◆ Stored data ◆

(* Let $c\in\mathbb{R}$. There is no function $U$ on $\mathbb{T}$ such that: $U$ is $C^1$ on $\mathbb{T}$ except at a single point $x_0\in\mathbb{T}$, where $U$ and $U'$ possess one-sided limits and $U$ is discontinuous (i.e. the one-sided limits of $U$ at $x_0$ differ); $U$ satisfies, for some constant $\gamma\in\mathbb{R}$, the profile equation $-cU+\tfrac{U^2}{2}+(1-\partial_x^2)^{-1}U=\gamma$ on $\mathbb{T}$; and $U$ satisfies the Rankine–Hugoniot condition $U(x_0-0)+U(x_0+0)=2c$. In other words, the Fornberg–Whitham equation $u_t+uu_x+(1-\partial_x^2)^{-1}u_x=0$ on $\mathbb{T}$ has no periodic traveling wave solution $u(x,t)=U(x-ct)$ with a single shock.
   Context: $\mathbb{T}=\mathbb{R}/\mathbb{Z}$, functions on $\mathbb{T}$ identified with $1$-periodic functions on $\mathbb{R}$. $(1-\partial_x^2)^{-1}U=K\ast U$, where $K$ is given on $[0,1]$ by $K(x)=\frac{\sqrt e}{e-1}\cosh(x-\tfrac12)$ and extended periodically; $U(x_0\mp0)$ denote the one-sided limits of $U$ at $x_0$ from the left and right. *)

From Stdlib Require Import Reals.
From Coquelicot Require Import Coquelicot.
Open Scope R_scope.

(* Functions on T = R/Z are 1-periodic functions on R. *)
Definition periodic1 (U : R -> R) : Prop := forall x : R, U (x + 1) = U x.

Definition same_point_T (x x0 : R) : Prop := exists k : Z, x = x0 + IZR k.

(* Kernel of (1 - d_x^2)^{-1} on T: K(x) = sqrt e/(e-1) cosh(x - 1/2) on [0,1],
   extended 1-periodically (via the fractional part). *)
Definition K (x : R) : R :=
  sqrt (exp 1) / (exp 1 - 1) * cosh (frac_part x - 1 / 2).

Definition Kconv (U : R -> R) (x : R) : R :=
  RInt (fun y => K (x - y) * U y) 0 1.

(** Away from the shock, W := (1 - d_x^2)^{-1} U satisfies W' = dW and dW' = W - U.
    Differentiating the profile equation gives (U - c) U' = - dW, so that
    E := dW^2/2 - P(U - c), with P(v) = v^4/8 + v^3/3 + k v^2/2 and k = c - gamma - c^2/2,
    is constant on the cell between two consecutive copies of the shock, hence, by
    periodicity, takes the same value on both sides of x0. As dW is continuous across
    the shock, P(UL - c) = P(UR - c). The Rankine-Hugoniot condition says
    UR - c = - (UL - c), and P(v) - P(-v) = 2 v^3 / 3 then forces UL = UR. *)

From Stdlib Require Import Reals Lra Lia ZArith.
From Coquelicot Require Import Coquelicot.
Open Scope R_scope.

Lemma periodic1_IZR (U : R -> R) :
  periodic1 U -> forall (n : Z) (x : R), U (x + IZR n) = U x.
Proof.
  intros HU n. induction n as [|n IH|n IH] using Z.peano_ind; intros x.
  - now rewrite Rplus_0_r.
  - rewrite succ_IZR, <- Rplus_assoc, HU. apply IH.
  - rewrite <- (IH x), <- (HU (x + IZR (Z.pred n))).
    unfold Z.pred. rewrite plus_IZR. f_equal. simpl. ring.
Qed.

Lemma filterlim_at_right_shift (a d : R) :
  filterlim (fun y => y + d) (at_right a) (at_right (a + d)).
Proof.
  intros P [eps HP]. exists eps. intros y Hy Hay. apply HP; [|lra].
  revert Hy. unfold ball; simpl; unfold AbsRing_ball, minus, plus, opp; simpl.
  now replace (y + d + - (a + d)) with (y + - a) by ring.
Qed.

Lemma filterlim_at_left_shift (a d : R) :
  filterlim (fun y => y + d) (at_left a) (at_left (a + d)).
Proof.
  intros P [eps HP]. exists eps. intros y Hy Hay. apply HP; [|lra].
  revert Hy. unfold ball; simpl; unfold AbsRing_ball, minus, plus, opp; simpl.
  now replace (y + d + - (a + d)) with (y + - a) by ring.
Qed.

Lemma filterlim_periodic1_at_right (U : R -> R) (x0 l : R) (n : Z) :
  periodic1 U -> filterlim U (at_right x0) (locally l) ->
  filterlim U (at_right (x0 + IZR n)) (locally l).
Proof.
  intros HU Hl.
  apply filterlim_ext with (fun y => U (y + - IZR n)).
  { intros y. rewrite <- (periodic1_IZR U HU n). f_equal; ring. }
  eapply filterlim_comp; [apply filterlim_at_right_shift|].
  now replace (x0 + IZR n + - IZR n) with x0 by ring.
Qed.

◆ Aim of the exercise ◆
Extract from the listing above the lines between the line containing "Definition K (x" and the line containing "periodicity, takes the", keeping both of those lines. Output nothing else.

◆ Solution to this exercise ◆
Definition K (x : R) : R :=
  sqrt (exp 1) / (exp 1 - 1) * cosh (frac_part x - 1 / 2).

Definition Kconv (U : R -> R) (x : R) : R :=
  RInt (fun y => K (x - y) * U y) 0 1.

(** Away from the shock, W := (1 - d_x^2)^{-1} U satisfies W' = dW and dW' = W - U.
    Differentiating the profile equation gives (U - c) U' = - dW, so that
    E := dW^2/2 - P(U - c), with P(v) = v^4/8 + v^3/3 + k v^2/2 and k = c - gamma - c^2/2,
    is constant on the cell between two consecutive copies of the shock, hence, by
    periodicity, takes the same value on both sides of x0. As dW is continuous across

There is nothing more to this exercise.